Nothing to do with assembler code, everything to do with data layout in memory, how the data is loaded into cache lines, and whether or not multiple hardware threads accessing the same cache line will be causing lots of cache invalidation or not.
So, it's a compiler problem, not an OOP problem. Two different levels of abstraction.
No, it's not a compiler problem. The C/C++ standards mandate certain things that make this unavoidable; structs must be contiguous bits in memory, and adjacent array elements must be adjacent in memory. The rest follows from there (and an understanding of cache architectures).
On the other hand, I have a problem with this statement in the context of the current discussion:
The bottleneck isn't CPU any longer, it's loading data from main memory into the CPU caches for the most part
Who cares? A worse bottleneck is reading from a RDBMS. The processor's cache is orders of magnitude apart if you think in terms of levels of abstraction.

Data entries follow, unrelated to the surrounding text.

(* Let $\lambda_{\max}>1$ and let $F:[0,\lambda_{\max}]\to\mathbb{R}_+$ be a continuously differentiable concave function with $F(0)=0$, such that $F(x)<F^\star$ for all $x\in[0,1)$ and $F'(1)>0$. Suppose moreover that $F$ is thrice continuously differentiable on $[0,1)$, that $\lim_{x\to1^-}F''(x)<0$, and that $\sup_{x<1}|F^{(3)}(x)|\le M$ for some $M<\infty$. Then there exist $C_1,\varepsilon_0>0$ (depending on $F$) such that $q^\star(\varepsilon)\ge C_1/\sqrt{\varepsilon}$ for all $\varepsilon\in(0,\varepsilon_0]$.
   Context: A control policy is a function $\lambda:\mathbb{Z}_+\to[0,\lambda_{\max}]$; it defines a continuous-time birth–death chain on $\mathbb{Z}_+$ with rate $\lambda(q)$ from $q$ to $q+1$ and rate $1$ from $q$ to $q-1$ ($q\ge1$). Let $\mathcal S$ be the set of states reachable from $0$. The policy is stable if $\sum_{i\in\mathcal S}\prod_{q=0}^{i}\lambda(q)<\infty$ (positive recurrence on $\mathcal S$); then $\pi$ is its stationary distribution and $\bar q\sim\pi$. $F^\star=\sup\{\mathbb{E}_\alpha[F(X)]:\alpha$ a probability measure on $[0,\lambda_{\max}]$, $X\sim\alpha$, $\mathbb{E}_\alpha[X]\le1\}$; regret $R(\lambda)=F^\star-\mathbb{E}_\pi[F(\lambda(\bar q))]$; $q^\star(\varepsilon)=\inf\{\mathbb{E}_\pi[\bar q]:\lambda$ stable, $R(\lambda)\le\varepsilon\}$. *)

From HB Require Import structures.
From mathcomp Require Import all_boot all_order all_algebra.
From mathcomp Require Import all_classical all_reals all_analysis.
Set Implicit Arguments. Unset Strict Implicit. Unset Printing Implicit Defensive.
Import Order.TTheory GRing.Theory Num.Theory.
Import numFieldNormedType.Exports.
Local Open Scope classical_set_scope.
Local Open Scope ring_scope.

Section Defs.
Variable R : realType.

Definition deriv_within (A : set R) (f : R -> R) (x d : R) : Prop :=
  (fun y => (f y - f x) / (y - x)) @ within (fun y => A y /\ y != x) (nbhs x)
    --> d.

Definition concave_on (A : set R) (f : R -> R) : Prop :=
  forall x y t, A x -> A y -> 0 <= t <= 1 ->
    (1 - t) * f x + t * f y <= f ((1 - t) * x + t * y).

(** A probability measure on [0,lmax] is represented as a probability measure
    on (the Borel sets of) R giving full mass to [0,lmax]. *)
Definition Fstar (F : R -> R) (lmax : R) : \bar R :=
  ereal_sup [set v | exists P : probability R R,
     P [set` `[0, lmax]] = 1%E /\
     (\int[P]_(x in [set` `[0%R, lmax]%R]) x%:E <= 1)%E /\
     v = (\int[P]_(x in [set` `[0%R, lmax]%R]) (F x)%:E)%E].

Definition policy (lmax : R) (lam : nat -> R) : Prop :=
  forall q, 0 <= lam q <= lmax.

(** states reachable from 0 in the birth-death chain
    (rate lam q from q to q+1, rate 1 from q+1 to q) *)
Inductive reach (lam : nat -> R) : nat -> Prop :=
| reach0 : reach lam 0
| reach_up q : reach lam q -> 0 < lam q -> reach lam q.+1
| reach_down q : reach lam q.+1 -> reach lam q.

Definition stable (lam : nat -> R) : Prop :=
  (\sum_(0 <= i <oo) (if `[< reach lam i >] then (\prod_(q < i.+1) lam q)
                     else 0)%:E < +oo)%E.

(** pi is a stationary distribution of the chain: a probability distribution
    on Z_+ satisfying the global balance equations pi Q = 0 of the generator Q
    (Q(q,q+1) = lam q, Q(q+1,q) = 1). *)
Definition stationary (lam : nat -> R) (pi : nat -> R) : Prop :=
  (forall i, 0 <= pi i) /\
  (\sum_(0 <= i <oo) (pi i)%:E = 1)%E /\
  (pi 0%N * lam 0%N = pi 1%N) /\
  (forall i, pi i.+1 * (lam i.+1 + 1) = pi i * lam i + pi i.+2).

Definition reward (F : R -> R) (lam pi : nat -> R) : \bar R :=
  (\sum_(0 <= i <oo) (pi i * F (lam i))%:E)%E.

Definition mean_queue (pi : nat -> R) : \bar R :=
  (\sum_(0 <= i <oo) (i%:R * pi i)%:E)%E.

Definition regret (F : R -> R) (lmax : R) (lam pi : nat -> R) : \bar R :=
  (Fstar F lmax - reward F lam pi)%E.

Definition qstar (F : R -> R) (lmax : R) (eps : R) : \bar R :=
  ereal_inf [set m | exists lam pi : nat -> R,
     policy lmax lam /\ stable lam /\ stationary lam pi /\
     (regret F lmax lam pi <= eps%:E)%E /\ m = mean_queue pi].

End Defs.

From HB Require Import structures.
From mathcomp Require Import all_boot all_order all_algebra.
From mathcomp Require Import all_classical all_reals all_analysis.
From mathcomp Require Import ring lra.
Import Order.TTheory GRing.Theory Num.Theory.
Import numFieldNormedType.Exports.
Local Open Scope classical_set_scope.
Local Open Scope ring_scope.

(* Concavity of [F] and [F''(1-) < 0] put [F] quadratically below its tangent
   at 1: [F x <= F 1 + F'(1) (x - 1) - c max(1 - x, 0)^2] on [[0, lmax]];
   moreover [F^* >= F 1]. In a stationary birth-death chain detailed balance
   reads [pi (i+1) = pi i * lam i], so [sum_i pi i (lam i - 1)] telescopes and
   regret at most [eps] forces [sum_i pi i max(1 - lam i, 0)^2 = O(eps)].
   Telescoping again, [pi j - pi M = sum_(j <= i < M) pi i (1 - lam i)], which
   AM-GM bounds by [O(sqrt eps)]. A distribution whose atoms are all
   [O(sqrt eps)] has mean [Omega(1 / sqrt eps)]. *)

Section Concave.
Context {R : realType}.
Implicit Types (f : R -> R) (A : set R).

Definition slope f x y := (f y - f x) / (y - x).

Lemma slopeC f x y : slope f x y = slope f y x.
Proof. by rewrite /slope -opprB -[y - x]opprB invrN mulrNN. Qed.

Lemma concave_slope_le {A f x y z} : concave_on A f -> A x -> A z ->
  x < y -> y < z -> slope f y z <= slope f x y.
Proof.
move=> concf Ax Az xy yz.
have zx : 0 < z - x by lra.
set t := (y - x) / (z - x).
have t01 : 0 <= t <= 1.
  by rewrite divr_ge0 ?ler_pdivrMr ?mul1r /=; lra.
have := concf x z t Ax Az t01.
have -> : (1 - t) * x + t * z = y by rewrite /t; field; rewrite gt_eqF.
have -> : (1 - t) * f x + t * f z = ((z - y) * f x + (y - x) * f z) / (z - x).
  by rewrite /t; field; rewrite gt_eqF.
rewrite ler_pdivrMr // /slope => conc.
rewrite ler_pdivrMr ?subr_gt0 // mulrAC ler_pdivlMr ?subr_gt0 //; nra.
Qed.

Lemma concave_tangent_right {f u v x0 x d} :
  concave_on `[u, v] f -> deriv_within `[u, v] f x0 d ->
  u < x0 -> x0 < x -> x <= v -> f x <= f x0 + d * (x - x0).
Proof.
move=> concf df ux0 x0x xv.
suff : slope f x0 x <= d by rewrite ler_pdivrMr ?subr_gt0 //; lra.
rewrite leNgt; apply/negP => d_lt.
have [e /= e_gt0 near_x0] := cvgr_lt _ df _ d_lt.
set y := x0 - Num.min e (x0 - u) / 2.
have m_gt0 : 0 < Num.min e (x0 - u) by rewrite lt_min e_gt0 subr_gt0.
have [me mx] : Num.min e (x0 - u) <= e /\ Num.min e (x0 - u) <= x0 - u.
  by split; rewrite ge_min lexx ?orbT.
have Ay : [set` `[u, v]] y by rewrite /= in_itv /= /y; apply/andP; split; lra.
have Ax : [set` `[u, v]] x by rewrite /= in_itv /=; apply/andP; split; lra.
have yx0 : y < x0 by rewrite /y; lra.
have := concave_slope_le concf Ay Ax yx0 x0x.
have : slope f x0 y < slope f x0 x.
  apply: near_x0; last by split; [rewrite inE | rewrite lt_eqF].
  by rewrite /ball /= /y opprB addrC subrK ger0_norm; lra.
rewrite (slopeC f x0 y); lra.
Qed.

End Concave.

Section Derivatives.
Context {R : realType}.
Implicit Types (f : R -> R) (A : set R).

Entirely dependent on your problem. If reading from RDBMS is your problem, then this discussion is of little or no worth to you. Just because you can't use information doesn't make it wrong, though. There are plenty of people in the world to whom this type of optimization matters.
The CS courses are presumably supposed to impart knowledge about what types of problems exist with parallelization. The same underlying problem, for example, also exists for distributing work to multiple CPUs, or to multiple machines. MapReduce, for example, is pretty much the same principle applied at a much higher level of abstraction - and probable about the level of abstraction that matters to you if you see RDBMS as the major bottlenecks in your experience.
Let's look at a single thing to do first and ignore parallel.
These days processors are incredibly fast at executing instructions on register values. The bottleneck isn't CPU any longer, it's loading data from main memory into the CPU caches for the most part. That's simplifying things a lot, but let's keep it at that.
With the example I've given, you've got two ints per struct, and a reasonably large number of these structs. The 200 I've given was just an example. You've also got a problem that involves only one of those ints, say, finding the highest in your set. Because you're loading both ints into the cache, but only need half of them, you'll be forced to perform twice as many loads than if you had two arrays of ints.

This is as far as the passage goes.